My breathing quickened as he trailed kisses down my neck and collarbone while his hands slowly trailed up my pelvic bone and stomach until they reached my breasts. I lifted my arms, willing him to remove my top, which suddenly felt excruciatingly tight. He smiled against my lips as he hooked the bottom of it and pulled it up over my head. I shivered as the cool air hit my now exposed breasts. His rough hands began exploring my bare chest; he licked his lips, which were now hovering just above mine. I ran my hands up under his shirt and gripped his muscular shoulders. “Take off your shirt,” I requested, biting my bottom lip as I tried my best to muffle the moan that was building in the back of my throat.

He quickly obliged, removing his shirt over his head and tossing it to the floor. He wrapped his arms around me causing my nipples harden as our bare chests pressed against one another. Our lips touched and a passionate frenzy consumed us both; my sex throbbed with need, I was desperate for him to touch me. I quickly unbuttoned my jeans, practically frantic to get them off of me. He bent down low, gently tugging my jeans down to my ankles. I immediately kicked my way out of them. He stood up, running his hand up my left calf, up to my inner thigh, settling between my legs. He cupped my sex, gently applying pressure to my clit through my cotton underwear. I moaned, begging for his hands to alleviate the pounding within me.

“I've been fantasizing about making you moan for days now,” he whispered, his lips touching mine as he circled my clit, continually applying more and more pressure. “The thought of you coming undone in my hands has been haunting my dreams.”

“Then what are you waiting for?” I asked breathlessly, trying to stifle another moan as I ground my hips harder, complementing his every move.

“Whenever you're ready, baby,” he said kissing along my jawline. My first orgasm released, sending a wave of pleasure ripping through every muscle in my body.

“That was fast. I had no idea you were so backed-up, Kendall,” he teased in my ear, placing kisses down my neck and collarbone.

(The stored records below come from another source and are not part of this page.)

(* Let $K_n$, $C_n$ and $W_n$ be, respectively, the complete graph, the cycle and the wheel on $n\geq 3$ vertices. Then for every integer $k$ with $3\leq k\leq n$, $px_k(K_n)=px_k(C_n)=px_k(W_n)=2$.
   Context: All graphs are finite, simple, undirected and connected. An edge-coloring of a graph assigns a color to each edge (adjacent edges may receive the same color). A tree in an edge-colored graph is proper if any two adjacent edges of the tree receive different colors. For $S\subseteq V(G)$, an $S$-tree is a subgraph of $G$ that is a tree containing all vertices of $S$. For a connected graph $G$ of order $n$ and an integer $k$ with $2\le k\le n$, an edge-coloring of $G$ is a $k$-proper coloring if for every set $S$ of $k$ vertices of $G$ there exists a proper $S$-tree in $G$. The $k$-proper index $px_k(G)$ is the minimum number of colors used in a $k$-proper coloring of $G$. The wheel $W_n$ on $n$ vertices consists of a cycle on $n-1$ vertices together with one additional vertex adjacent to all vertices of that cycle. *)

From mathcomp Require Import all_boot.
Set Implicit Arguments. Unset Strict Implicit. Unset Printing Implicit Defensive.

(* A graph on a finite vertex type T is given by an adjacency relation
   e : rel T (symmetric, irreflexive for the concrete graphs below).
   An edge-coloring is a function c : T -> T -> nat, symmetric on edges;
   the color of edge {x,y} is c x y. *)

Definition edge_coloring (T : finType) (e : rel T) (c : T -> T -> nat) : Prop :=
  forall x y, e x y -> c x y = c y x.

Definition colors_used (T : finType) (e : rel T) (c : T -> T -> nat) : nat :=
  size (undup [seq c x y | x <- enum T, y <- [seq y <- enum T | e x y]]).

Definition subgraph (T : finType) (e : rel T) (VS : {set T}) (ES : rel T) : Prop :=
  (forall x y, ES x y = ES y x) /\
  (forall x y, ES x y -> [&& e x y, x \in VS & y \in VS]).

Definition is_tree (T : finType) (VS : {set T}) (ES : rel T) : Prop :=
  VS != set0 /\
  (forall x y, x \in VS -> y \in VS -> connect ES x y) /\
  (forall s : seq T, 3 <= size s -> uniq s -> ~~ cycle ES s).

Definition proper_tree (T : finType) (c : T -> T -> nat) (ES : rel T) : Prop :=
  forall x y z, ES x y -> ES x z -> y != z -> c x y != c x z.

Definition k_proper_coloring (T : finType) (e : rel T) (k : nat)
  (c : T -> T -> nat) : Prop :=
  edge_coloring e c /\
  forall S : {set T}, #|S| = k ->
    exists (VS : {set T}) (ES : rel T),
      subgraph e VS ES /\ is_tree VS ES /\ S \subset VS /\ proper_tree c ES.

Definition px_eq (T : finType) (e : rel T) (k m : nat) : Prop :=
  (exists c, k_proper_coloring e k c /\ colors_used e c = m) /\
  (forall c, k_proper_coloring e k c -> m <= colors_used e c).

Definition complete_graph (n : nat) : rel 'I_n := fun i j => i != j.

Definition cycle_graph (n : nat) : rel 'I_n :=
  fun i j => (i != j) &&
    ((val j == (val i).+1 %% n) || (val i == (val j).+1 %% n)).

(* wheel: hub is vertex n-1, rim is the cycle 0 - 1 - ... - (n-2) - 0 *)
Definition wheel_graph (n : nat) : rel 'I_n :=
  fun i j => (i != j) &&
    [|| val i == n.-1, val j == n.-1,
        (val j == (val i).+1 %% n.-1) | (val i == (val j).+1 %% n.-1)].

Arguments complete_graph n : clear implicits.
Arguments cycle_graph n : clear implicits.
Arguments wheel_graph n : clear implicits.

From mathcomp Require Import all_boot.
From mathcomp Require Import zify.

Set Implicit Arguments.
Unset Strict Implicit.
Unset Printing Implicit Defensive.

(* All three graphs contain the Hamiltonian path 0 - 1 - ... - (n-1).
   Colouring its edge {i, i+1} by the parity of i makes that path a proper
   spanning tree, so two colours suffice for every k.  Conversely, in a proper
   tree using a single colour no vertex has two neighbours, so a connected
   such tree has at most two vertices and cannot contain k >= 3 vertices. *)

Lemma next_neq_prev (T : eqType) (p : seq T) x :
  uniq p -> 3 <= size p -> x \in p -> next p x != prev p x.
Proof.
move=> uniq_p size_p /rot_to [i q def_p].
rewrite -(next_rot i uniq_p) -(prev_rot i uniq_p) def_p.
have {uniq_p} : uniq (x :: q) by rewrite -def_p rot_uniq.
have {size_p} : 2 <= size q by rewrite -ltnS -[(size q).+1]/(size (x :: q)) -def_p size_rot.
case: q {def_p} => [|y [|z r]] // _ uniq_xq; apply/eqP => next_prev_x.
have prev_x : prev [:: x, y, z & r] x = y by rewrite -next_prev_x /= eqxx.
have : next [:: x, y, z & r] y = x by rewrite -{2}prev_x next_prev.
move: uniq_xq; rewrite /= !inE !negb_or => /andP [/and3P [xNy xNz _] _].
by rewrite /= eq_sym (negbTE xNy) eqxx => z_x; rewrite z_x eqxx in xNz.
Qed.

Section PathGraph.

Variable n : nat.

Definition path_graph : rel 'I_n :=
  fun i j => (j == i.+1 :> nat) || (i == j.+1 :> nat).

Definition alternating_coloring (i j : 'I_n) : nat := minn i j %% 2.

Lemma path_graph_sym : symmetric path_graph.
Proof. by move=> i j; rewrite /path_graph orbC. Qed.

Lemma connect_path_graph i j : connect path_graph i j.
Proof.
wlog le_ij : i j / i <= j.
  move=> IH; have [/IH//|/ltnW/IH] := leqP i j.
  by rewrite (sym_connect_sym path_graph_sym).
case: j le_ij => m; elim: m => [|m IHm] lt_mn /= le_im.
  by rewrite (_ : i = Ordinal lt_mn) //; apply: val_inj => /=; lia.
have [le_i_m | lt_m_i] := leqP i m; last first.
  by rewrite (_ : i = Ordinal lt_mn) //; apply: val_inj => /=; lia.
apply: connect_trans (IHm (ltnW lt_mn) le_i_m) (connect1 _).
by rewrite /path_graph eqxx.
Qed.

(* The largest vertex of a cycle would need two distinct smaller neighbours. *)
Lemma path_graph_acyclic (s : seq 'I_n) :
  3 <= size s -> uniq s -> ~~ cycle path_graph s.
Proof.
move=> size_s uniq_s; apply/negP => cycle_s.
have [x0 s_x0] : exists x0, x0 \in s.
  by case: s size_s {uniq_s cycle_s} => // x0; exists x0; rewrite mem_head.
case: (arg_maxnP (@nat_of_ord n) s_x0) => x s_x max_x.
have le_nx : next s x <= x by apply: max_x; rewrite -[_ _ _]/(_ \in s) mem_next.
have le_px : prev s x <= x by apply: max_x; rewrite -[_ _ _]/(_ \in s) mem_prev.
have := next_cycle cycle_s s_x; have := prev_cycle cycle_s s_x.
rewrite /path_graph => /orP[|] /eqP x_p /orP[|] /eqP n_x; try lia.
have : next s x = prev s x by apply: ord_inj; lia.
by apply/eqP; apply: next_neq_prev.
Qed.

Lemma path_graph_proper : proper_tree alternating_coloring path_graph.
Proof.
move=> x y z; rewrite /path_graph /alternating_coloring => e_xy e_xz.
apply: contra => /eqP c_yz; apply/eqP/ord_inj.
by move: e_xy e_xz => /orP[|] /eqP ? /orP[|] /eqP ?; lia.
Qed.

End PathGraph.

Arguments path_graph n : clear implicits.
Arguments alternating_coloring n : clear implicits.

Lemma path_graph_sub n (e : rel 'I_n) :
  symmetric e -> (forall i j : 'I_n, j = i.+1 :> nat -> e i j) ->
  forall i j, path_graph n i j -> e i j.
Proof.
move=> e_sym e_succ i j /orP [/eqP|/eqP] succ; first exact: e_succ.
by rewrite e_sym; apply: e_succ.
Qed.

Lemma ord_succ_neq n (i j : 'I_n) : j = i.+1 :> nat -> i != j.
Proof. by move=> succ; apply/eqP => i_j; rewrite i_j in succ; lia. Qed.

Section ColorCount.

Variables (T : finType) (e : rel T) (c : T -> T -> nat).

Lemma mem_colors_used x y :
  e x y -> c x y \in undup [seq c x y | x <- enum T, y <- [seq y <- enum T | e x y]].
Proof.
move=> e_xy; rewrite mem_undup; apply/allpairsPdep; exists x, y.
by rewrite mem_enum mem_filter e_xy mem_enum.
Qed.

Lemma colors_used_ge2 x y z :
  e x y -> e x z -> c x y != c x z -> 2 <= colors_used e c.
Proof.
move=> e_xy e_xz c_yz; apply: (@uniq_leq_size _ [:: c x y; c x z]).
  by rewrite /= inE c_yz.
by apply/allP; rewrite /= !mem_colors_used.
Qed.

Lemma colors_used_le m : (forall x y, e x y -> c x y < m) -> colors_used e c <= m.
Proof.
move=> lt_c_m; rewrite -(size_iota 0 m); apply: uniq_leq_size; first exact: undup_uniq.
move=> v; rewrite mem_undup => /allpairsPdep [x [y [_]]].
by rewrite mem_filter mem_iota => /andP [e_xy _] ->; rewrite lt_c_m.
Qed.

End ColorCount.

Section BranchingVertex.

Variables (T : finType) (r : rel T).
Hypothesis r_sym : symmetric r.

Lemma connect_no_branch x y :
  (forall u v w, r u v -> r u w -> v = w) -> connect r x y -> x = y \/ r x y.
Proof.
move=> no_branch /connectP [p]; elim: p x => [|x1 p IHp] x /=; first by left.
case/andP => r_x_x1 /IHp IH /IH [<-|r_x1_y]; first by right.
by left; apply: (no_branch x1); rewrite // r_sym.
Qed.

Lemma branching_vertex a b d :
  a != b -> a != d -> b != d -> connect r a b -> connect r a d ->
  exists x y z, [/\ r x y, r x z & y != z].
Proof.
move=> aNb aNd bNd r_ab r_ad.
case: (boolP [exists x, exists y, exists z, [&& r x y, r x z & y != z]]).
  by case/existsP => x /existsP [y /existsP [z /and3P]]; exists x, y, z.
rewrite negb_exists => /forallP no_branch.
have {}no_branch u v w : r u v -> r u w -> v = w.
  move=> r_uv r_uw; apply/eqP; apply: contraNT (no_branch u) => vNw.
  by apply/existsP; exists v; apply/existsP; exists w; rewrite r_uv r_uw vNw.
have [/eqP|r_ab'] := connect_no_branch no_branch r_ab; first by rewrite (negbTE aNb).
have [/eqP|r_ad'] := connect_no_branch no_branch r_ad; first by rewrite (negbTE aNd).
by move: bNd; rewrite (no_branch _ _ _ r_ab' r_ad') eqxx.
Qed.

End BranchingVertex.

Lemma exists_set_of_card (T : finType) k : k <= #|T| -> exists S : {set T}, #|S| = k.
Proof.
case/card_geqP => s [uniq_s size_s _]; exists [set x in s].
by rewrite cardsE -size_s; apply/card_uniqP.
Qed.

Lemma k_proper_colors_ge2 (T : finType) (e : rel T) k c :
  3 <= k -> k <= #|T| -> k_proper_coloring e k c -> 2 <= colors_used e c.
Proof.
move=> k_ge3 k_le_T [_ proper_S].
have [S card_S] := exists_set_of_card k_le_T.
have [VS [ES [[ES_sym ES_sub] [[_ [ES_conn _]] [sub_S ES_proper]]]]] := proper_S S card_S.
have : 2 < #|S| by rewrite card_S.
case/card_gt2P => a [b [d [[Sa Sb Sd] [aNb bNd dNa]]]].
have VS_S u : u \in S -> u \in VS by move/(subsetP sub_S).
rewrite eq_sym in dNa.
have [x [y [z [ES_xy ES_xz yNz]]]] := branching_vertex ES_sym aNb dNa bNd
  (ES_conn _ _ (VS_S _ Sa) (VS_S _ Sb)) (ES_conn _ _ (VS_S _ Sa) (VS_S _ Sd)).
apply: (colors_used_ge2 (x := x) (y := y) (z := z)).
- by case/and3P: (ES_sub _ _ ES_xy).
- by case/and3P: (ES_sub _ _ ES_xz).
exact: ES_proper.
Qed.

Section PathSupergraph.

Variables (n : nat) (e : rel 'I_n).
Hypothesis path_sub : forall i j, path_graph n i j -> e i j.

Lemma alternating_k_proper k : 0 < n -> k_proper_coloring e k (alternating_coloring n).
Proof.
move=> n_gt0; split=> [x y _|S _]; first by rewrite /alternating_coloring minnC.
exists setT, (path_graph n); split; [|split; [|split]].
- by split=> [|x y /path_sub ->]; [exact: path_graph_sym | rewrite !in_setT].
- split; first by apply/set0Pn; exists (Ordinal n_gt0).
  by split=> [x y _ _|]; [exact: connect_path_graph | exact: path_graph_acyclic].
- exact: subsetT.
- exact: path_graph_proper.
Qed.

Lemma colors_used_alternating : 3 <= n -> colors_used e (alternating_coloring n) = 2.
Proof.
move=> n_ge3; apply/eqP; rewrite eqn_leq; apply/andP; split.
  by apply: colors_used_le => x y _; rewrite ltn_mod.
pose i m (lt_m3 : m < 3) := Ordinal (leq_trans lt_m3 n_ge3).
by apply: (@colors_used_ge2 _ _ _ (i 1 isT) (i 0 isT) (i 2 isT)); rewrite ?path_sub.
Qed.

Lemma px_eq_path_supergraph k : 3 <= n -> 3 <= k -> k <= n -> px_eq e k 2.
Proof.
move=> n_ge3 k_ge3 k_le_n; split.
  exists (alternating_coloring n); split; last exact: colors_used_alternating.
  by apply: alternating_k_proper; apply: ltn_trans n_ge3.
by move=> c; apply: k_proper_colors_ge2; rewrite ?card_ord.
Qed.

End PathSupergraph.

Lemma path_graph_sub_complete n i j : path_graph n i j -> complete_graph n i j.
Proof.
apply: path_graph_sub => [a b|a b /ord_succ_neq //].
by rewrite /complete_graph eq_sym.
Qed.

Lemma path_graph_sub_cycle n i j : path_graph n i j -> cycle_graph n i j.
Proof.
apply: path_graph_sub => [a b|a b succ]; first by rewrite /cycle_graph eq_sym orbC.
by rewrite /cycle_graph ord_succ_neq // modn_small -succ ?eqxx.
Qed.

Lemma path_graph_sub_wheel n i j : path_graph n i j -> wheel_graph n i j.
Proof.
apply: path_graph_sub => [a b|a b succ].
  by rewrite /wheel_graph eq_sym; congr (_ && _); do 4 case: (_ == _).
rewrite /wheel_graph ord_succ_neq //=.
have [->|b_rim] := eqVneq (b : nat) n.-1; first by rewrite ?eqxx ?orbT.
have lt_b_rim : b < n.-1 by have := ltn_ord b; lia.
by rewrite modn_small -succ ?eqxx ?orbT.
Qed.

Theorem mainTheorem8 (n k : nat) (hn : 3 <= n) (hk3 : 3 <= k) (hkn : k <= n) :
  px_eq (complete_graph n) k 2 /\
  px_eq (cycle_graph n) k 2 /\
  px_eq (wheel_graph n) k 2.
Proof.
split; last split; apply: px_eq_path_supergraph => //.
- exact: path_graph_sub_complete.
- exact: path_graph_sub_cycle.
- exact: path_graph_sub_wheel.
Qed.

“I can't help it. Some guy's been messing with my head for days, constantly revving me up just to shut me down,” I said, reaching down to feel his hard cock pressing against his jeans.

“What an asshole,” he said, his eyes locked on mine as I unlatched his belt buckle and slowly unbuttoned his jeans.

“You said it,” I replied, kissing his chin as I forced his zipper down.

He picked me up and carried me over to the bed, gently placing me down on it. He ran his hands along my body, worshipping every inch of it as he pulled my underwear off. “You're so unbelievably beautiful, Kendall.” I don't know why but I was suddenly filled with emotion. Usually sex was just sex, but even if this moment was all we ever had together, I'd be okay with it. I'd survive it, but it didn't change the fact that I'd never felt this way about anyone before, and it was intense. He'd officially managed to seduce every inch of me including my heart, and it terrified me.

“Kane… Tell me –” I said, but stopped abruptly, afraid of what I'd be opening myself up to.

“Tell you what?” he asked, his brown eyes attentive and focused on me as his palms cupped my face.

“Tell me… Tell me you want
me
,” I requested, my heart beating madly against my chest. I'm not sure why it was so important for me to hear it, but I did. So many men and women wanted me, in fact, my whole job was to ensure that they did, but for some reason I needed to hear it from him. I needed to know that he wanted me; that he wanted Kendall.